Once you clicked it go to the opacity bar at the top above the layers and slide it to the left. you can make the top pic as sheer as you want. if you need any more help just let me know.


----------



## Phantomcolt18 (Sep 25, 2007)

I also did these lol


----------



## haviris (Sep 16, 2009)

I did it! Thanks!


----------



## Phantomcolt18 (Sep 25, 2007)

no problem that looks great


----------



## LoveStory10 (Oct 31, 2009)

I do have GIMP 2 , please help


----------



## haviris (Sep 16, 2009)

Ok, so I was going to talk you through it, but I think it will be easier this way!
Here is a youtube video that shows how to do the lazers,




 
This one shows how to change eye color (doesn't work as well on brown eyes), this works for changing the color of other things to.




 
For the one I'm using in my avatar, I used the Free Select Tool then copy and pasted unto a new one w/ a black background, then used the Color Balance (under colors) to change to colors, I was actually trying to make flames, but forgot to save the pic and reopen it, so it changed the horse color, I liked that so well I gave up on the flames and just stuck w/ the horse! 

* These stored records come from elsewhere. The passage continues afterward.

(* Let $\phi:[0,\infty)\to\mathbb R$ be convex, differentiable and bounded below, with $\phi'(0)<0$, and let $c_{II}\in(0,1)$ and $\rho_0>0$. Consider the following interval-based bisection line search: set $\rho_L=0$, $\rho_U=\infty$, and for $i=0,1,2,\dots$: if $|\phi'(\rho_i)|\le -c_{II}\phi'(0)$, stop and output $\rho^*=\rho_i$; otherwise, if $\phi'(\rho_i)>0$ set $\rho_U=\rho_i$, and if $\phi'(\rho_i)<0$ set $\rho_L=\rho_i$; then set $\rho_{i+1}=2\rho_L$ if $\rho_U=\infty$, and $\rho_{i+1}=\frac12(\rho_L+\rho_U)$ otherwise. Then this procedure stops after finitely many iterations, and its output $\rho^*$ satisfies the strong Wolfe condition $|\phi'(\rho^* )|\le -c_{II}\phi'(0)$.
   Context: In the application, $\phi(\rho)=\mathcal F(h_t+\rho z_t)$ for a convex differentiable objective $\mathcal F$ and a descent direction $z_t$, but the statement concerns an arbitrary $\phi$ as described. *)

From Stdlib Require Import Reals Lra.
From Coquelicot Require Import Coquelicot.
Open Scope R_scope.

(* State of the interval-based bisection line search:
   (rho_L, rho_U, rho_i) where rho_U = None encodes rho_U = +infinity. *)
Record ls_state := LS { ls_L : R; ls_U : option R; ls_rho : R }.

Definition strong_wolfe (dphi : R -> R) (c rho : R) : Prop :=
  Rabs (dphi rho) <= - c * dphi 0.

(* One update of the algorithm (performed when the stopping test fails). *)
Definition ls_step (dphi : R -> R) (s : ls_state) : ls_state :=
  let r := ls_rho s in
  let L' := if Rlt_dec (dphi r) 0 then r else ls_L s in
  let U' := if Rlt_dec 0 (dphi r) then Some r else ls_U s in
  let r' := match U' with
            | None => 2 * L'
            | Some u => (L' + u) / 2
            end in
  LS L' U' r'.

Definition ls_iter (dphi : R -> R) (rho0 : R) (i : nat) : ls_state :=
  Nat.iter i (ls_step dphi) (LS 0 None rho0).

Definition ls_rho_i (dphi : R -> R) (rho0 : R) (i : nat) : R :=
  ls_rho (ls_iter dphi rho0 i).

Definition convex_on_nonneg (phi : R -> R) : Prop :=
  forall x y t, 0 <= x -> 0 <= y -> 0 <= t <= 1 ->
    phi (t * x + (1 - t) * y) <= t * phi x + (1 - t) * phi y.

Definition is_derive_on_nonneg (phi dphi : R -> R) : Prop :=
  (forall x, 0 < x -> is_derive phi x (dphi x)) /\
  filterlim (fun h => (phi h - phi 0) / h) (at_right 0) (locally (dphi 0)).

From Stdlib Require Import Reals Lra Lia Classical Wf_nat.
From Coquelicot Require Import Coquelicot.
Open Scope R_scope.
(* Assume the continuity assumption holds and let $\lambda^*$ be a minimizer of $\lambda\mapsto\sum_{s\in\{-1,1\}}\mathbb{E}[\max_{k\in[K]}(\pi_s p_k(X,s)-s\lambda_k)\mid S=s]$ over $\mathbb{R}^K$. Then any classifier $g$ satisfying $$g(x,s)\in\arg\max_{k\in[K]}\big(\pi_s p_k(x,s)-s\lambda^*_k\big)\quad\text{for all }(x,s)\in\mathcal{X}\times\{-1,1\}$$ is exactly fair and minimizes $\mathcal{R}$ over $\mathcal{G}_{\rm fair}$, i.e. it is an optimal exactly fair classifier.
   Context: $(X,S,Y)$ is a random triple with distribution $\mathbb{P}$, where $X\in\mathcal{X}\subset\mathbb{R}^d$, $S\in\{-1,1\}$ and $Y\in[K]=\{1,\dots,K\}$. Let $\pi_s=\mathbb{P}(S=s)$, assumed $>0$ for both $s$, and $p_k(x,s)=\mathbb{P}(Y=k\mid X=x,S=s)$. A classifier is a measurable map $g:\mathcal{X}\times\{-1,1\}\to[K]$; the risk is $\mathcal{R}(g)=\mathbb{P}(g(X,S)\neq Y)$. $g$ is exactly fair ($g\in\mathcal{G}_{\rm fair}$) if $\mathbb{P}(g(X,S)=k\mid S=1)=\mathbb{P}(g(X,S)=k\mid S=-1)$ for all $k\in[K]$. Continuity assumption: for all $k\neq j$ in $[K]$ and $s\in\{-1,1\}$, the map $t\mapsto\mathbb{P}(p_k(X,S)-p_j(X,S)\le t\mid S=s)$ is continuous. *)

From HB Require Import structures.
From mathcomp Require Import all_boot all_order all_algebra.
From mathcomp Require Import all_classical all_reals all_analysis.
Set Implicit Arguments. Unset Strict Implicit. Unset Printing Implicit Defensive.
Import Order.TTheory GRing.Theory Num.Theory.
Import numFieldNormedType.Exports.
Local Open Scope classical_set_scope.
Local Open Scope ring_scope.
Lemma dual_inj : injective phi.
Proof.
move=> m1 m2 eq12; apply: contrapT => neq.
pose S (i : 'I_2) := if val i == 0%N then m1 else m2.
have S_inj : injective S.
  by move=> [[|[|?]] ?] [[|[|?]] ?] //= ?; apply: val_inj => //; exfalso; apply: neq.
have [a [x Sx]] := phi_dual S_inj ord0.
by have := Sx (Ordinal (isT : (1 < 2)%N)); rewrite /= -eq12 (Sx ord0) => /eqP; rewrite oner_eq0.
Qed.

Lemma dual_lin_indep : lin_indep (range phi).
Proof.
move=> n c b b_inj b_phi cb0 i0.
have /choice[S bS] : forall i, exists m, phi m = b i.
  by move=> i; have [m _ <-] := b_phi i; exists m.
have S_inj : injective S by move=> i j eqij; apply: b_inj; rewrite -!bS eqij.
have [a [x Sx]] := phi_dual S_inj i0.
have := congr1 (fun F => F a x) cb0; rewrite /lincomb /=.
under eq_bigr do rewrite -bS Sx.
rewrite (bigD1 i0)//= eqxx mulr1 big1 ?addr0// => i /negbTE->.
by rewrite mulr0.
Qed.

Lemma coneable_range (S : set (I -> LT R -> R)) :
  (forall n (c : 'I_n.+1 -> R) (s : 'I_n.+1 -> M),
     ((forall i, 0 < c i) \/ (forall i, c i < 0)) -> S (lincomb c (phi \o s))) ->
  coneable M S.
Proof.
move=> S_cone.
have S_comb n c (b : 'I_n.+1 -> I -> LT R -> R) : (forall i, range phi (b i)) ->
    ((forall i, 0 < c i) \/ (forall i, c i < 0)) -> S (lincomb c b).
  move=> b_phi; have /choice[s bs] : forall i, exists m, phi m = b i.
    by move=> i; have [m _ <-] := b_phi i; exists m.
  have -> : b = phi \o s by apply/funext => i; rewrite /= bs.
  exact: S_cone.
have phiS : range phi `<=` S.
  move=> _ [m _ <-]; have := S_comb 0%N (fun=> 1) (fun=> phi m).
  have -> : lincomb (fun _ : 'I_1 => 1) (fun=> phi m) = phi m.
    by rewrite /lincomb; apply/funext => a; apply/funext => x; rewrite big_ord1 mul1r.
  by apply; [exists m | left].
have card_phi : ([set: M] #= range phi)%card.
  by apply/card_esym/inj_card_eq => m1 m2 _ _; exact: dual_inj.
have indep := dual_lin_indep.
by split; exists (range phi); split=> //; split=> //; split=> // n c b b_phi c_sign;
  apply: S_comb => //; [left | right].
Qed.

End basis_and_cone.

Lemma le_measure_ae d (T : measurableType d) (R : realType)
    (mu : {measure set T -> \bar R}) (A B : set T) :
  measurable A -> measurable B -> {ae mu, forall x, A x -> B x} ->
  (mu A <= mu B)%E.
Proof.
move=> mA mB [N [mN N0 ABN]].
rewrite -(measureU0 mB mN N0); apply: le_measure; rewrite ?inE//.
  exact: measurableU.
by move=> x Ax; have [Bx|nBx] := pselect (B x); [left | right; apply: ABN => /(_ Ax)].
Qed.

Section inverse_square.
Variable R : realType.

Lemma completed_measurable (A : set R) : measurable A -> measurable (A : set (LT R)).
Proof. exact: sub_caratheodory. Qed.

Lemma completed_measurable_fun (D : set R) (g : R -> R) :
  measurable D -> measurable_fun D g -> measurable_fun (D : set (LT R)) g.
Proof. by move=> mD mg _ Y mY; apply: sub_caratheodory; exact: mg. Qed.

(* Written with [powR] rather than [GRing.inv] to get measurability for free. *)
Definition inv_sq01 (x : R) : R := \1_(`]0, 1] : set R) x * x `^ (-2).

Lemma inv_sq01E (x : R) : 0 < x <= 1 -> inv_sq01 x = (x ^+ 2)^-1.
Proof.
move=> /andP[x0 x1]; rewrite /inv_sq01 indicE mem_set ?mul1r; last first.
  by rewrite /= in_itv /= x0 x1.
by rewrite powRN powR_mulrn// ltW.
Qed.

Lemma inv_sq01_eq0 (x : R) : ~~ (0 < x <= 1) -> inv_sq01 x = 0.
Proof.
move=> x01; rewrite /inv_sq01 indicE memNset ?mul0r//= in_itv /=.
exact/negP.
Qed.

Lemma inv_sq01_ge (x r : R) : 0 < x -> x <= r -> r <= 1 -> (r ^+ 2)^-1 <= inv_sq01 x.
Proof.
move=> x0 xr r1; rewrite inv_sq01E ?x0 ?(le_trans xr r1)//.
have r0 : 0 < r by exact: lt_le_trans xr.
by rewrite lef_pV2 ?posrE ?exprn_gt0// ler_pXn2r ?nnegrE// ltW.
Qed.

Lemma inv_sq01_ge0 (x : R) : 0 <= inv_sq01 x.
Proof. by rewrite mulr_ge0 ?powR_ge0// indicE. Qed.

Lemma inv_sq01_measurable : measurable_fun [set: LT R] inv_sq01.
Proof.
apply: completed_measurable_fun => //; apply: measurable_funM.
  exact: measurable_indic.
exact: measurable_powR.
Qed.

Local Notation unit01 := (`[0%R, 1%R]%classic : set (LT R)).

Lemma measurable_unit01 : measurable unit01.
Proof. exact: completed_measurable. Qed.
Local Hint Resolve measurable_unit01 : core.

Lemma lam_itv0r (r : R) : 0 < r -> lam (`]0, r]%classic : set (LT R)) = r%:E.
Proof.
move=> r0; have : lebesgue_measure (`]0, r]%classic : set R) = r%:E.
  by rewrite lebesgue_measure_itv /= lte_fin r0 sube0.
(* The completion agrees with [lebesgue_measure] on Borel sets by conversion. *)
exact.
Qed.

Section inverse_square_multiple.
Variables (K : R) (h : LT R -> R).
Hypothesis K_neq0 : K != 0.
Hypothesis h_ae : {ae lam, forall x : LT R, x \in `[0%R, 1%R] -> h x = K * inv_sq01 x}.

Lemma inv_sq01_multiple_measurable : measurable_fun unit01 h.
Proof.
apply/measurable_EFinP; apply: (ae_measurable_fun completed_lebesgue_measure_is_complete
  (f := EFin \o (fun x => K * inv_sq01 x))).
  by apply: filterS h_ae => x hx x01; rewrite /= hx// inE.
apply/measurable_EFinP; apply: measurable_funM => //.
exact: measurable_funS inv_sq01_measurable.
Qed.

Lemma inv_sq01_multiple_large :
  ((Num.min 1 `|K|)%:E <= lam (unit01 `&` [set x | (1 <= `|h x - 0|)%R]))%E.
Proof.
set r := Num.min 1 `|K|.
have r0 : 0 < r by rewrite lt_min ltr01 normr_gt0.
have r1 : r <= 1 by rewrite ge_min lexx.
have rK : r <= `|K| by rewrite ge_min lexx orbT.
rewrite -lam_itv0r //; apply: le_measure_ae.
- exact: completed_measurable (measurable_itv _).
- have m_abs : measurable_fun unit01 (fun x => `|h x - 0|).
    apply: (measurableT_comp (f := @Num.norm _ R) (g := fun x => h x - 0)).
      exact: normr_measurable.
    exact: measurable_funB inv_sq01_multiple_measurable (measurable_cst _).
  by rewrite -preimage_itvcy; apply: m_abs; [exact: measurable_unit01 | exact: measurable_itv].
- apply: filterS h_ae => x hx /=; rewrite in_itv /= => /andP[x0 xr].
  have x01 : x \in `[0%R, 1%R] by rewrite in_itv /= ltW //= (le_trans xr).
  split => //; rewrite hx // subr0 normrM (ger0_norm (inv_sq01_ge0 _)).
  apply: le_trans (ler_wpM2l (normr_ge0 K) (inv_sq01_ge x0 xr r1)).
  have r2K : r ^+ 2 <= `|K| by rewrite expr2; nra.
  have : r ^+ 2 * (r ^+ 2)^-1 = 1 by rewrite mulfV // expf_neq0 // gt_eqF.
  have : 0 < (r ^+ 2)^-1 by rewrite invr_gt0 exprn_gt0.
  move: (r ^+ 2)^-1 => v; nra.
Qed.
Lemma minimizer_chempot_le i j k i' j' k' : mu i j k <= mu i' j' k'.
Proof.
have [[-> -> ->] //|pp'] := eqVneq (i', j', k') (i, j, k).
have d0 := d_gt0.
have := minimizer_lt_top i' j' k'; have := minimizer_gt_bot i j k.
have [? ?] := phi_adm.1 i j k; have [? ?] := phi_adm.1 i' j' k' => bot top.
apply: (chempot_transfer pp' (t0 := Num.min (1 - d - phi i' j' k') (1 + phi i j k - d))).
  by rewrite lt_min; apply/andP; split; lra.
by move=> t t_gt0; rewrite lt_min => /andP [? ?]; split; split; lra.
Qed.

Lemma minimizer_equilibrium :
  (forall i j k, -1 < phi i j k < 1) /\ exists C, forall i j k, mu i j k = C.
Proof.
split=> [i j k|].
  have d0 := d_gt0; have := minimizer_lt_top i j k; have := minimizer_gt_bot i j k.
  by move=> ? ?; apply/andP; split; lra.
have o := Ordinal N_gt0; exists (mu o o o) => i j k.
by apply/le_anti; rewrite !minimizer_chempot_le.
Qed.

End Minimizer.

Lemma exists_chempot_cst (R : realType) (N : nat) (h a tau : R) (g b : grid R N) c :
  h != 0 -> (0 < N)%N -> -1 < c < 1 -> gsum (fun (_ _ _ : 'I_N) => c) = gsum b ->
  exists2 phi : grid R N, (forall i j k, -1 < phi i j k < 1) /\ gsum phi = gsum b &
    exists C, forall i j k, chempot h a tau g b phi i j k = C.
Proof.
move=> h_neq0 N_gt0 /andP [c_gt c_lt] c_sum.
have c_abs : `|c| < 1 by rewrite ltr_norml c_gt.
set K := reg_bound h a tau g b; set X := `|log_ratio c| + 2 * `|K| + 1.
(* Small enough for c to be strictly inside and for -ln d to exceed X. *)
set d := Num.min ((1 - `|c|) / 2) (expR (- X)).
have d_gt0 : 0 < d by rewrite lt_min expR_gt0 divr_gt0 // subr_gt0.
have d_le : d <= (1 - `|c|) / 2 by rewrite ge_min lexx.
have := (ler_norm c, ler_norm (- c)); rewrite normrN => -[cN cN'].
have [c_top c_bot] : d < 1 - c /\ d < 1 + c by split; lra.
have d_small : `|log_ratio c| + 2 * K < - ln d.
  have : ln d <= - X by rewrite -[leRHS]expRK ler_ln ?posrE ?expR_gt0 // ge_min lexx orbT.
  by have := ler_norm K; rewrite /X; lra.
have [|phi phi_adm phi_min] := exists_energy_min h a tau g d_gt0 _ c_sum.
  by split; lra.
have reg_bnd : forall i j k, `|chempot_reg h a tau g b phi i j k| <= K.
  apply: chempot_reg_bounded => i j k.
  by have [? ?] := phi_adm.1 i j k; apply/andP; split; lra.
have [phi_in mu_cst] := minimizer_equilibrium h_neq0 N_gt0 d_gt0 phi_adm phi_min
  c_sum c_top c_bot reg_bnd d_small.
by exists phi; last by []; split; last by case: phi_adm.
Qed.

Section Norms.
Variables (R : realType) (N : nat) (L : R).
Implicit Types u : grid R N.

Lemma normInf_ge u i j k : `|u i j k| <= normInf u.
Proof. by do 2 apply: le_trans (le_bigmax _ _ _); apply: le_bigmax. Qed.

Lemma normInf_lt u r : 0 < r -> (forall i j k, `|u i j k| < r) -> normInf u < r.
Proof. by move=> r_gt0 u_lt; do 3 (apply: bigmax_lt => // ? _); apply: u_lt. Qed.

Lemma gmean_gsum u : L != 0 -> (0 < N)%N -> gmean L (L / N%:R) u = gsum u / N%:R ^+ 3.
Proof.
move=> L_neq0 N_gt0; rewrite /gmean /ip.
have -> : \sum_(i < N) \sum_(j < N) \sum_(k < N) u i j k * 1 = gsum u.
  exact: (eq_gsum (u := fun i j k => u i j k * 1) (fun i j k => mulr1 _)).
by field; rewrite L_neq0 pnatr_eq0 -lt0n N_gt0.
Qed.

End Norms.

Section BDF2Scheme.
Variables (R : realType) (N : nat) (h eps theta0 dt A : R) (phinm1 phin : grid R N).
Local Notation G := (grid R N).

Definition bdf_tau : R := 2 * dt / 3.
Definition bdf_kappa : R := A * dt + eps ^+ 2.
Definition bdf_target : G := fun i j k => (4 * phin i j k - phinm1 i j k) / 3.
Definition bdf_source : G := fun i j k =>
  - (theta0 * (2 * phin i j k - phinm1 i j k)) + A * dt * lap_h h phin i j k.

Lemma gsum_bdf_target : gsum phin = gsum phinm1 -> gsum bdf_target = gsum phin.
Proof.
move=> same_mass.
rewrite (eq_gsum (v := fun i j k => 3^-1 * (4 * phin i j k - phinm1 i j k))).
  by rewrite gsumZ gsumB gsumZ -same_mass; field.
by move=> i j k; rewrite mulrC.
Qed.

If that doesn't help let me know, and I'll try to explain better. Or if I forgot something, Phantomcolt18 already explained how to do the two pics in one!


----------



## Phantomcolt18 (Sep 25, 2007)

you can do so many cool things with gimp here are my friends pics i did for them........

This is my friend danielle running barrels with her horse


this is my friends horse crystal her blanket was blue and her halter was green but my friends new tack is Hot Pink so i made this for her


This is my friend holly on her one lesson horse max


this is holly again with her old lesson horse dublin


----------



## Lottie95 (Feb 12, 2010)

I like the one with the goat, I have photoshop (elements 8.0). I managed to get it for only £40 with my laptop, there's loads of stuff you can do on it. These are some of my work from GCSE Photography:







(Last one is unfinished, I couldn't find the final version)


----------



## haviris (Sep 16, 2009)

Wow, those are awsome! I just did the goat for fun, atleast it should make my sister and sister in law happy, they keep threatening to cut the other ear off to make her even. Maybe I should make a new foot for my goat that is missing one!


----------



## Lottie95 (Feb 12, 2010)

Thanks! These are my last favourite work, but they show some of the things you can on Photoshop best. Don't cut off the other ear, I think it looks cute!


----------



## Lottie95 (Feb 12, 2010)

This is one of my favourite pictures ATM, with subtle changes to it e.g. getting rid of people in the background and my sister's footprints 








http://www.horseforum.com/members/13490/album/random-photos-1383/ 
This is the rest of my Photography photos.


----------



## haviris (Sep 16, 2009)

I wouldn't cut off the other ear, it gives her character!


----------